Глава 13 Дела имперские и дела наши

— Кстати, доктор, а что говорил полицмейстер фон Штеккен про какую-то «тень Империи»? — я решил малость развеять дорожную скуку, а заодно и разжиться новыми знаниями. Рассвет только-только занимался, Альберт бессовестно дрых, вот я к доктору и пристал.

— Тень Империи… — доктор Грубер хищно ухмыльнулся. — Так в Германии называют чиновников, которые, состоя на службе своему суверену, явно или скрыто действуют в интересах Империи, в том числе и тогда, когда имперские интересы противоречат суверенным. Для нас, пруссаков, как и для баварцев, это особенно болезненная тема.

— Почему? — мне и правда было интересно. В гимназии, помню, устройство Священной Римской Империи рассматривалось, но без особых подробностей. А тут с этими самыми подробностями столкнулся, можно сказать, лично.

— Видите ли, экселленц, — доктор устроился поудобнее и продолжил: — в имперскую казну Пруссия, благодаря своей развитой промышленности и обширной торговле, уже вносит денег сравнимо с Австрией, и в ближайшие несколько лет станет главным источником доходов Империи. Прусская армия не столь многочисленна, как австрийская, но и в Польской войне, и в обеих Датских войнах именно прусские войска приносили Империи победы. А главное — немцев в Пруссии живет намного больше, нежели в Австрии. Австрию с ее многочисленным венгерским и еще более многочисленным славянским населением вообще сложно признать немецким государством, — доктор скривился в презрительной усмешке. Хм, кажется, в бывшем моем мире на это же жаловался один малоизвестный австрийский художник[26]

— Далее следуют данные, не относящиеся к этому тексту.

Lemma qf_shift E a b : E^T = E -> E *m a^T = 0 -> qf E (b + a) = qf E b.
Proof.
move=> symE Ea; have aE : a *m E = 0.
  by have := congr1 trmx Ea; rewrite trmx_mul trmxK symE trmx0.
by rewrite /qf linearD /= mulmxDl aE addr0 mulmxDr -[b *m E *m a^T]mulmxA Ea mulmx0 addr0.
Qed.

Lemma qf_polarize x a b : x^T = x ->
  qf x (a + b) - qf x (a - b) = 4 * (a *m x *m b^T) 0 0.
Proof.
move=> symx; have ba : (b *m x *m a^T) 0 0 = (a *m x *m b^T) 0 0.
  have -> : b *m x *m a^T = (a *m x *m b^T)^T by rewrite !trmx_mul trmxK symx mulmxA.
  by rewrite mxE.
rewrite /qf !linearD /= !linearN /= !(mulmxDl, mulmxDr, mulmxN, mulNmx).
have entryD (M N : 'M[R]_1) : (M + N) 0 0 = M 0 0 + N 0 0 by rewrite mxE.
have entryN (M : 'M[R]_1) : (- M) 0 0 = - M 0 0 by rewrite mxE.
by rewrite !(entryD, entryN) ba; ring.
Qed.

Lemma qf_le_entries x b :
  `|qf x b| <= (\sum_(u < m) \sum_(w < m) `|x u w|) * sqnorm b.
Proof.
rewrite qfE mulr_suml; apply: (le_trans (ler_norm_sum _ _ _)); apply: ler_sum => u _.
rewrite mulr_suml; apply: (le_trans (ler_norm_sum _ _ _)); apply: ler_sum => w _.
have bsq i : `|b 0 i| ^+ 2 <= sqnorm b.
  rewrite real_normK ?num_real // /sqnorm (bigD1 i) //= lerDl.
  by apply: sumr_ge0 => k _; exact: sqr_ge0.
rewrite !normrM mulrC ler_wpM2l //.
have := sqr_ge0 (`|b 0 u| - `|b 0 w|); have := bsq u; have := bsq w; nra.
Qed.

End QuadraticForm.

Section QuadraticFormKernel.
Variables (R : realType) (m p : nat).

(* [E] vanishes on the left kernel of [M], so only the component of [b] in the
   row space of [M], namely [b *m M *m pinvmx M], contributes to [qf E b]. *)
Lemma qf_le_kernel (M : 'M[R]_(m, p)) (E : 'M[R]_m) : E^T = E ->
    (forall a : 'rV[R]_m, a *m M = 0 -> E *m a^T = 0) ->
  exists2 K : R, 0 <= K & forall b : 'rV[R]_m, `|qf E b| <= K * sqnorm (b *m M).
Proof.
move=> symE EM; set N := pinvmx M.
exists (\sum_(i < p) \sum_(j < p) `|(N *m E *m N^T) i j|).
  by apply: sumr_ge0 => i _; apply: sumr_ge0.
move=> b; have bM : (b *m M *m N) *m M = b *m M by rewrite mulmxKpV ?submxMl.
have := EM (b - b *m M *m N); rewrite mulmxBl bM subrr => /(_ erefl) Eb.
rewrite -{1}(subrK (b *m M *m N) b) addrC qf_shift //.
have -> : qf E (b *m M *m N) = qf (N *m E *m N^T) (b *m M).
  by rewrite /qf trmx_mul !mulmxA.
exact: qf_le_entries.
Qed.

End QuadraticFormKernel.

(** * Dimension of a minimal face *)

Section FaceDimension.
Variables (R : realType) (V : lmodType R).

Lemma min_face_midpoint (C : V -> Prop) p e :
  C (p + e) -> C (p - e) -> min_face C p (p + e).
Proof.
move=> Cpe Cme F [_ [_ faceF]] Fp.
have half : 0 < (2^-1 : R) < 1 by rewrite invr_gt0 ltr0n invf_lt1 ?ltr1n.
have mid : 2^-1 *: (p + e) + (1 - 2^-1) *: (p - e) = p.
  rewrite (_ : 1 - 2^-1 = 2^-1 :> R); last by field.
  rewrite -scalerDr addrACA subrr addr0 -mulr2n -scaler_nat scalerA.
  by rewrite mulVf ?scale1r ?pnatr_eq0.
by apply: (fun H => proj1 (faceF _ _ _ Cpe Cme half H)); rewrite mid.
Qed.

Definition translates k p (E : 'I_k -> V) (i : 'I_k.+1) : V :=
  if unlift ord0 i is Some l then p + E l else p.

Lemma translates0 k p (E : 'I_k -> V) : translates p E ord0 = p.
Proof. by rewrite /translates unlift_none. Qed.

Lemma translates_lift k p (E : 'I_k -> V) l : translates p E (lift ord0 l) = p + E l.
Proof. by rewrite /translates liftK. Qed.

Lemma aff_indep_translates k p (E : 'I_k -> V) (f : {linear V -> 'rV[R]_k}) :
  row_free (\matrix_l f (E l)) -> aff_indep (translates p E).
Proof.
move=> freeE a; rewrite big_ord_recl => /eqP; rewrite addr_eq0 => /eqP a0.
rewrite big_ord_recl translates0.
under eq_bigr do rewrite translates_lift scalerDr.
rewrite big_split /= -scaler_suml a0 scaleNr addrA addNr add0r => comb.
have coef : \row_l a (lift ord0 l) = 0.
  apply: (row_free_inj freeE).
  rewrite mul0mx -[RHS](linear0 f) -comb linear_sum mulmx_sum_row /=.
  by apply: eq_bigr => l _; rewrite linearZ rowK mxE.
have al (l : 'I_k) : a (lift ord0 l) = 0.
  by have := congr1 (fun r : 'rV[R]_k => r 0 l) coef; rewrite !mxE.
move=> i; case: (unliftP ord0 i) => [l ->|->]; first exact: al.
by rewrite a0 big1 ?oppr0.
Qed.

Lemma aff_indep_subspace_card k (S : V -> Prop) (W : {pred V})
    (f : {linear V -> 'rV[R]_k}) :
  submod_closed W -> (forall x, S x -> x \in W) ->
  {in W, forall x, f x = 0 -> x = 0} ->
  ~ exists w : 'I_k.+2 -> V, (forall i, S (w i)) /\ aff_indep w.
Proof.
move=> [W0 Wlin] SW finj [w [Sw indep]].
pose D i := w (lift ord0 i) - w ord0.
pose A := \matrix_i f (D i).
have : kermx A != 0.
  rewrite kermx_eq0 /row_free; have := rank_leq_col A.
  by case: eqP => // ->; rewrite ltnn.
case/rowV0Pn => a /sub_kermxP aA a0; apply/negP: a0; rewrite negbK.
pose X := \sum_i a 0 i *: D i.
have WX : X \in W.
  apply: (big_ind (fun x => x \in W)) => // [x y Wx Wy|i _].
    by rewrite -[x]scale1r Wlin.
  by rewrite -[_ *: _]addr0 Wlin // /D addrC -scaleN1r Wlin ?SW.
have X0 : X = 0.
  apply: finj => //; rewrite linear_sum -[RHS]aA mulmx_sum_row.
  by apply: eq_bigr => i _; rewrite linearZ rowK.
pose b i := if unlift ord0 i is Some j then a 0 j else - \sum_j a 0 j.
have b_lift j : b (lift ord0 j) = a 0 j by rewrite /b liftK.
have b0 : b ord0 = - \sum_j a 0 j by rewrite /b unlift_none.
have Xe : X = - (\sum_j a 0 j) *: w ord0 + \sum_j a 0 j *: w (lift ord0 j).
  rewrite /X /D; under eq_bigr do rewrite scalerBr.
  by rewrite sumrB -scaler_suml scaleNr addrC.
have := indep b; rewrite big_ord_recl.
under eq_bigr do rewrite b_lift; rewrite b0 addNr => /(_ erefl).
rewrite big_ord_recl; under eq_bigr do rewrite b_lift.
rewrite b0 -Xe X0 => /(_ erefl) bz.
by apply/eqP/rowP => j; rewrite mxE -b_lift bz.
Qed.

Lemma min_face_has_dim k (C F : V -> Prop) (W : {pred V})
    (f : {linear V -> 'rV[R]_k}) p (E : 'I_k -> V) :
  is_face C F -> F p -> (forall x, F x -> x \in W) -> submod_closed W ->
  {in W, forall x, f x = 0 -> x = 0} ->
  (forall l, C (p + E l) /\ C (p - E l)) -> row_free (\matrix_l f (E l)) ->
  has_dim (min_face C p) k.
Proof.
move=> faceF Fp FW Wsub finj CE freeE; split.
  exists (translates p E); split; last exact: aff_indep_translates freeE.
  move=> i; case: (unliftP ord0 i) => [l ->|->]; last by rewrite translates0 => G.
  rewrite translates_lift.
  by have [] := CE l; exact: min_face_midpoint.
apply: (aff_indep_subspace_card Wsub _ finj) => x minx.
exact: FW (minx F faceF Fp).
Qed.

End FaceDimension.

(** * The hypermetric cone *)

Section HypermetricCone.
Variables (R : realType) (m : nat).
Implicit Types (x : 'M[R]_m) (b y : 'I_m -> int).

Definition intr_row b : 'rV[R]_m := \row_i (b i)%:~R.

Lemma hyp_formE x b :
  \sum_(u < m) \sum_(w < m) (b u * b w)%:~R * x u w = qf x (intr_row b).
Proof.
rewrite qfE; apply: eq_bigr => u _; apply: eq_bigr => w _.
by rewrite !mxE rmorphM.
Qed.

Lemma intr_row_sum b : \sum_i (intr_row b) 0 i = (\sum_i b i)%:~R.
Proof. by rewrite rmorph_sum; apply: eq_bigr => i _; rewrite mxE. Qed.

Lemma HYP_sym x : HYP x -> x^T = x.
Proof. by case=> symx _; apply/matrixP => u w; rewrite mxE symx. Qed.

Lemma HYP_convex : convex_set (@HYP R m).
Proof.
move=> x y t [sx [dx hx]] [sy [dy hy]] /andP[t0 t1].
split; first by move=> u w; rewrite !mxE sx sy.
split; first by move=> u; rewrite !mxE dx dy !mulr0 addr0.
move=> b sb; rewrite hyp_formE qfD !qfZ.
have := hx b sb; have := hy b sb; rewrite !hyp_formE; nra.
Qed.

Definition tight_face (B : ('I_m -> int) -> Prop) x : Prop :=
  HYP x /\ forall b, B b -> qf x (intr_row b) = 0.

Lemma tight_face_is_face B :
  (forall b, B b -> \sum_i b i = 1) -> is_face (@HYP R m) (tight_face B).
Proof.
move=> B1; split.
  move=> x y t [Hx Bx] [Hy By] t01; split; first exact: HYP_convex.
  by move=> b Bb; rewrite qfD !qfZ Bx ?By // !mulr0 addr0.
split; first by move=> x [].
move=> x y t Hx Hy /andP[t0 t1] [_ Bxy].
have tight b : B b -> qf x (intr_row b) = 0 /\ qf y (intr_row b) = 0.
  move=> Bb; have := Bxy b Bb; rewrite qfD !qfZ.
  have := Hx.2.2 b (B1 b Bb); have := Hy.2.2 b (B1 b Bb); rewrite !hyp_formE.
  by split; nra.
by split; split=> // b /tight[].
Qed.

Definition unit_shifts y b : Prop :=
  exists j, b = (fun i => (i == j)%:Z + y i) \/ b = (fun i => (i == j)%:Z - y i).

Lemma unit_shifts_sum y : \sum_i y i = 0 -> forall b, unit_shifts y b -> \sum_i b i = 1.
Proof.
move=> y_sum b [j [->|->]]; rewrite ?sumrB ?big_split /= y_sum ?subr0 ?addr0;
  by rewrite (bigD1 j) //= eqxx big1 ?addr0 // => i /negbTE ->.
Qed.

Lemma tight_unit_shifts_mulmx y x :
  tight_face (unit_shifts y) x -> x *m (intr_row y)^T = 0.
Proof.
move=> [Hx tight]; apply/colP => j; rewrite [RHS]mxE.
have plus : intr_row (fun i => (i == j)%:Z + y i) = delta_mx 0 j + intr_row y.
  by apply/rowP => i; rewrite !mxE rmorphD /=; case: (i == j).
have minus : intr_row (fun i => (i == j)%:Z - y i) = delta_mx 0 j - intr_row y.
  by apply/rowP => i; rewrite !mxE rmorphB /=; case: (i == j).
have := qf_polarize (delta_mx 0 j) (intr_row y) (HYP_sym Hx).
rewrite -plus -minus !tight; [|by exists j; right|by exists j; left].
rewrite subrr -rowE -row_mul mxE => /esym/eqP.
by rewrite mulf_eq0 pnatr_eq0 => /eqP.
Qed.

End HypermetricCone.

(** * Delaunay polytopes *)

Lemma sqnorm_row_mx (R : realType) n (x : 'rV[R]_n) (s : R) :
  sqnorm (row_mx x s%:M) = sqnorm x + s ^+ 2.
Proof.
rewrite /sqnorm big_split_ord big_ord1 /=; congr (_ + _).
  by apply: eq_bigr => i _; rewrite row_mxEl.
by rewrite row_mxEr mxE mulr1n.
Qed.

Section AffineDependencies.
Variables (R : realType) (n m : nat) (v : 'I_m -> 'rV[R]_n).

Definition hom_mx : 'M[R]_(m, n + 1) := row_mx (\matrix_i v i) (const_mx 1).

Lemma mul_hom_mx (a : 'rV[R]_m) :
  a *m hom_mx = row_mx (\sum_i a 0 i *: v i) (\sum_i a 0 i)%:M.
Proof.
rewrite mul_mx_row mulmx_sum_row; congr row_mx.
  by apply: eq_bigr => i _; rewrite rowK.
apply/rowP => i; rewrite !ord1 !mxE eqxx mulr1n.
by apply: eq_bigr => j _; rewrite mxE mulr1.
Qed.

Lemma hom_mx_kerP (a : 'rV[R]_m) :
  a *m hom_mx = 0 <-> \sum_i a 0 i *: v i = 0 /\ \sum_i a 0 i = 0.
Proof.
rewrite mul_hom_mx -row_mx0; split => [/eq_row_mx[-> /matrixP/(_ 0 0)]|[-> ->]].
  by rewrite !mxE mulr1n.
by rewrite -scalemx1 scale0r.
Qed.

End AffineDependencies.

Section DelaunayPolytope.
Variables (R : realType) (n m : nat) (L : 'rV[R]_n -> Prop) (v : 'I_m -> 'rV[R]_n).
Variables (c : 'rV[R]_n) (r : R).
Hypothesis latticeL : is_lattice L.
Hypothesis emptyS : forall a, L a -> r ^+ 2 <= sqnorm (a - c).
Hypothesis sphereS : forall a, (L a /\ sqnorm (a - c) = r ^+ 2) <-> exists i, a = v i.

Local Notation d := (dist_mx v).

Lemma vertex_on_sphere i : L (v i) /\ sqnorm (v i - c) = r ^+ 2.
Proof. by apply/sphereS; exists i. Qed.

Lemma lattice_int_comb (b : 'I_m -> int) : L (\sum_i (b i)%:~R *: v i).
Proof.
have [B [_ LB]] := latticeL.
have L0 : L 0 by apply/LB; exists 0; rewrite map_mx0 mul0mx.
apply: (big_ind L) => // [x y /LB[zx ->] /LB[zy ->]|i _].
  apply/LB; exists (zx + zy); rewrite -mulmxDl; congr (_ *m _).
  by apply/matrixP => p q; rewrite !mxE rmorphD.
have /LB[z ->] := (vertex_on_sphere i).1.
apply/LB; exists (b i *: z); rewrite scalemxAl; congr (_ *m _).
by apply/matrixP => p q; rewrite !mxE rmorphM.
Qed.

Lemma intr_row_comb (b : 'I_m -> int) :
  \sum_i (intr_row R b) 0 i *: v i = \sum_i (b i)%:~R *: v i.
Proof. by apply: eq_bigr => i _; rewrite mxE. Qed.

Lemma qf_dist_mx (b : 'I_m -> int) : \sum_i b i = 1 ->
  qf d (intr_row R b) = 2 * r ^+ 2 - 2 * sqnorm (\sum_i (b i)%:~R *: v i - c).
Proof.
move=> b1; have b1R : \sum_i ((b i)%:~R : R) = 1 by rewrite -rmorph_sum b1.
rewrite -hyp_formE.
have := sum_sqnormB (fun i => ((b i)%:~R : R)) (fun i => v i - c).
rewrite b1R mulr1.
have -> : \sum_u (b u)%:~R * sqnorm (v u - c) = r ^+ 2.
  by under eq_bigr do rewrite (vertex_on_sphere _).2; rewrite -mulr_suml b1R mul1r.
have -> : \sum_u (b u)%:~R *: (v u - c) = \sum_u (b u)%:~R *: v u - c.
  by under eq_bigr do rewrite scalerBr; rewrite sumrB -scaler_suml b1R scale1r.
move=> <-; apply: eq_bigr => u _; apply: eq_bigr => w _.
by rewrite !mxE rmorphM opprB addrA subrK.
Qed.

Lemma HYP_dist_mx : HYP d.
Proof.
split; first by move=> u w; rewrite !mxE !sqnormB dotC [sqnorm (v u) + _]addrC.
split; first by move=> u; rewrite mxE subrr sqnorm0.
move=> b b1; rewrite hyp_formE qf_dist_mx //.
by have := emptyS (lattice_int_comb b); lra.
Qed.

Lemma qf_dist_mx_tight (b : 'I_m -> int) : \sum_i b i = 1 ->
  qf d (intr_row R b) = 0 -> exists j, \sum_i (b i)%:~R *: v i = v j.
Proof.
move=> b1; rewrite qf_dist_mx // => tight; apply/sphereS.
by split; [exact: lattice_int_comb | lra].
Qed.

Lemma qf_dist_mx_gap (b : 'I_m -> int) :
  (forall u w, sqnorm (v u - v w) \is a Num.int) -> \sum_i b i = 1 ->
  qf d (intr_row R b) = 0 \/ qf d (intr_row R b) <= -1.
Proof.
move=> dint b1.
have /intrP[z Qz] : qf d (intr_row R b) \is a Num.int.
  rewrite qfE; apply: rpred_sum => u _; apply: rpred_sum => w _.
  by rewrite !mxE !rpredM ?intr_int.
have : qf d (intr_row R b) <= 0 by rewrite -hyp_formE; exact: HYP_dist_mx.2.2.
rewrite Qz lerz0 => z0; have [->|z1] := eqVneq z 0; [by left | right].
by rewrite (_ : (-1 : R) = (-1 : int)%:~R) ?ler_int //; lia.
Qed.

— То есть Империя существует во многом за счет прусского труда и прусской храбрости, но их плодами распоряжается Вена. Если вы полагаете, что нам, пруссакам, такое положение нравится, то совершенно напрасно, — завершил свою мысль доктор.

— А Бавария? — спросил я.

— С Баварией случай особый, — доктор явно обрадовался найти во мне внимательного и заинтересованного слушателя. — Император Рудольф очень стар, и вопрос о наследовании трона Империи встанет в самое ближайшее время. Обоих своих сыновей император пережил, и наследовать ему должен кто-то из внуков. Старшим среди них является принц Карл, кузен короля баварского, но в Вене уже давно в открытую говорят как о решенном деле, что императорский престол достанется эрцгерцогине Елизавете. Формальным основанием для передачи короны Елизавете служит то, что она дочь одного из сыновей императора, в то время как Карл — сын императорской дочери. Сторонники Карла резонно напоминают оппонентам, что передача трона по женской линии является мерой пусть и допустимой, но крайней, и потому основанием для наследования в данном случае должно быть именно старшинство. Пруссия готова поддержать баварского монарха, если он предпримет решительные действия для обеспечения законных прав своего кузена, в том числе и военной силой. Мы, конечно, считаем, что место императорской короне не в Вене, а в Берлине, но и Мюнхен в этом качестве устроит нас намного больше, нежели Вена.

Да-а-а… Тяжелый случай. Из гимназического курса истории я помнил, что воевать друг с другом ради власти в Империи германским государствам не привыкать, но последний раз такое было лет уже полтораста назад. Впрочем, и в оставленном мною мире такое бывало. Ладно, в конце концов это их, немцев, дело.

— Сложность тут заключается в том, — продолжал доктор, — что в Мюнхене очень сильна имперская партия. То есть, австрийская партия, если называть вещи своими именами. Ее возглавляет первый министр королевства граф Руфельд, поэтому «теней Империи» в Баварии намного больше, чем у нас в Пруссии, и чувствуют они себя здесь куда более свободно.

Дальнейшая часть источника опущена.